Today’s rapidly growing digital infrastructure demands steadily increasing data rates on all communication platforms.
While optical data transfer is already a standard in the long-haul regime it is still quite rare on the short distance e.g. for chip-to-chip interconnection. Nevertheless, increasing power consumption and strong crosstalk between signal lines imposes limits to conventional electric interconnection technologies also on short length scales. Optical data transfer can overcome these hurdles but technological challenges and expensive integration still impede market penetration of optical interconnects strongly.
Fraunhofer ISC meets the demand for optical data transfer by developing novel core and cladding material systems for conventional optical waveguides. Conventional means here, that core and cladding are fabricated along several subsequent processing steps with UV-lithography. The developed materials are inorganic/organic hybrid polymers (ORMOCER®) that can be tuned to meet application specific requirements and that exhibit extraordinary optical properties and reliability.

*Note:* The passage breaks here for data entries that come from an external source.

(* Let $A_2\in\mathbf{C}^{n\times n}$, let $C_2\in\mathbf{C}^{p\times n}$ be any matrix such that the discrete-time antilinear system $x(t+1)=A_2^{\#}x(t)^{\#}$, $y(t)=C_2^{\#}x(t)^{\#}$ is observable, and let $C_N\in\mathbf{C}^{q\times n}$ be such that the pair $(A_2^{\#}A_2,C_N)$ is observable. Then the following are equivalent: (1) the antilinear system $x(t+1)=A_2^{\#}x(t)^{\#}$, $t\in\mathbf{Z}^+$, is asymptotically stable; (2) there exists a unique positive definite matrix $P_1\in\mathbf{C}^{n\times n}$ such that $A_2^{\mathrm H}P_1^{\#}A_2-P_1=-C_2^{\mathrm H}C_2$; (3) there exists a unique positive definite matrix $P_N\in\mathbf{C}^{n\times n}$ such that $(A_2^{\#}A_2)^{\mathrm H}P_N(A_2^{\#}A_2)-P_N=-C_N^{\mathrm H}C_N$. Moreover, if the system is asymptotically stable, then $(C_2,P_1)$ satisfies $A_2^{\mathrm H}P_1^{\#}A_2-P_1=-C_2^{\mathrm H}C_2$ if and only if $(C_N,P_N)=\left(\begin{bmatrix}C_2\\ C_2^{\#}A_2\end{bmatrix},P_1\right)$ satisfies $(A_2^{\#}A_2)^{\mathrm H}P_N(A_2^{\#}A_2)-P_N=-C_N^{\mathrm H}C_N$.
   Context: $P^{\#}$, $P^{\mathrm H}$: entrywise conjugate, conjugate transpose. A positive definite matrix means a Hermitian positive definite matrix. Observability of the antilinear system means observability of its real representation $\vec x(t+1)=\{0,A_2\}_\circ\vec x(t)$, $\vec y=\{0,C_2\}_\circ\vec x$, where for matrices $A_1,A_2$ of equal size $\{A_1,A_2\}_\circ=\begin{bmatrix}\mathrm{Re}(A_1+A_2) & -\mathrm{Im}(A_1+A_2)\\ \mathrm{Im}(A_1-A_2) & \mathrm{Re}(A_1-A_2)\end{bmatrix}$ and $\vec z=[\mathrm{Re}(z)^{\mathrm T},\mathrm{Im}(z)^{\mathrm T}]^{\mathrm T}$. Asymptotic stability is in the Lyapunov sense (stable and all solutions tend to $0$). *)

From HB Require Import structures.
From mathcomp Require Import all_boot all_order all_algebra.
From mathcomp Require Import reals complex.
Set Implicit Arguments. Unset Strict Implicit. Unset Printing Implicit Defensive.
Import Order.TTheory GRing.Theory Num.Theory.
Local Open Scope ring_scope.
Definition sccc_of_alg : SCCC S.
Proof.
refine (@Build_SCCC S ahom (fun X => aconst (t_id X)) acomp acomp_id_l acomp_id_r acomp_assoc
          aconst aconst_teq (fun X => erefl) aconst_comp _ _ _).
- move=> X; exists (aconst (t_bang X)); split=> // f _.
  exact/esym/aterminal_unique.
- move=> Z X Y f g; exists (apair f g); split; first by rewrite apair_pi1 apair_pi2.
  by move=> h [<- <-]; rewrite apair_eta.
- move=> X Y Z f; exists (acurry f); split.
  + by move=> k k1 k2; rewrite -(apair_eta k) k1 k2 acurry_beta.
  + move=> h curries_h.
    by rewrite -(curries_h _ (apair_pi1 _ _) (apair_pi2 _ _)) acurry_eta.
Defined.

Lemma spair_sccc_of_alg Z X Y (f : ahom Z X) (g : ahom Z Y) :
  spair (C := sccc_of_alg) f g = apair f g.
Proof.
by symmetry; apply: (spair_unique (C := sccc_of_alg)); [exact: apair_pi1 | exact: apair_pi2].
Qed.

Lemma scurry_sccc_of_alg X Y Z (f : ahom (bprod X Y) Z) :
  scurry (C := sccc_of_alg) f = acurry f.
Proof.
symmetry; apply: (scurry_unique (C := sccc_of_alg)).
by rewrite spair_sccc_of_alg; exact: acurry_beta.
Qed.
End SCCCOfAlg.

Section Functors.
Variable S : Type.
Local Notation P := (ccc_presentation S).
Local Notation sort0 := ((bone, bone) : (BiMag S * BiMag S)%type).

Lemma amap_aop_hget (A B : Alg P) (f : AlgHom A B) (o : ccc_op S) (p : hlist (car A) (op_in o)) :
  amap f (@aop _ _ A o (hget sort0 p)) =
  @aop _ _ B o (hget sort0 (hlist_map (fun s x => amap f x) p)).
Proof. by rewrite amap_op hget_hlist_map. Qed.

Definition sccc_of_alg_hom (A B : Alg P) (f : AlgHom A B) :
  SCCCHom (sccc_of_alg A) (sccc_of_alg B).
Proof.
refine (@Build_SCCCHom S (sccc_of_alg A) (sccc_of_alg B) (fun X Y x => amap f x) _ _ _).
- by move=> X; exact: (amap_aop_hget f (o := op_const (t_id X)) tt).
- by move=> X Y Z g h; exact: (amap_aop_hget f (o := op_comp X Y Z) (g, (h, tt))).
- by move=> X Y t; exact: (amap_aop_hget f (o := op_const t) tt).
Defined.

Definition sccc_of_alg_functor : Functor (Alg_cat P) (CCC_cat S).
Proof.
refine (@Build_Functor (Alg_cat P) (CCC_cat S) (@sccc_of_alg S) sccc_of_alg_hom _ _ _) => //.
by move=> A B f g fg X Y x; exact: fg.
Defined.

3D waveguides written inside optical hybrid polymer (ORMOCER®) using ultrafast laser-based polymerization.
In addition, Fraunhofer ISC develops the materials and the technology for 3D optical interconnects fabricated by ultrashort laser processing. In this process, the waveguide is written along arbitrary trajectories in 3D space to create an optical link between two optoelectronic components, e.g. a VCSEL and a photodiode. This process can be carried out after the assembly of the optical components - hence, no tight tolerances for the assembly. Moreover, the number of processing steps is reduced significantly compared to processing with UV-lithography. This approach has received SPIE’s Green Photonics Award in 2013.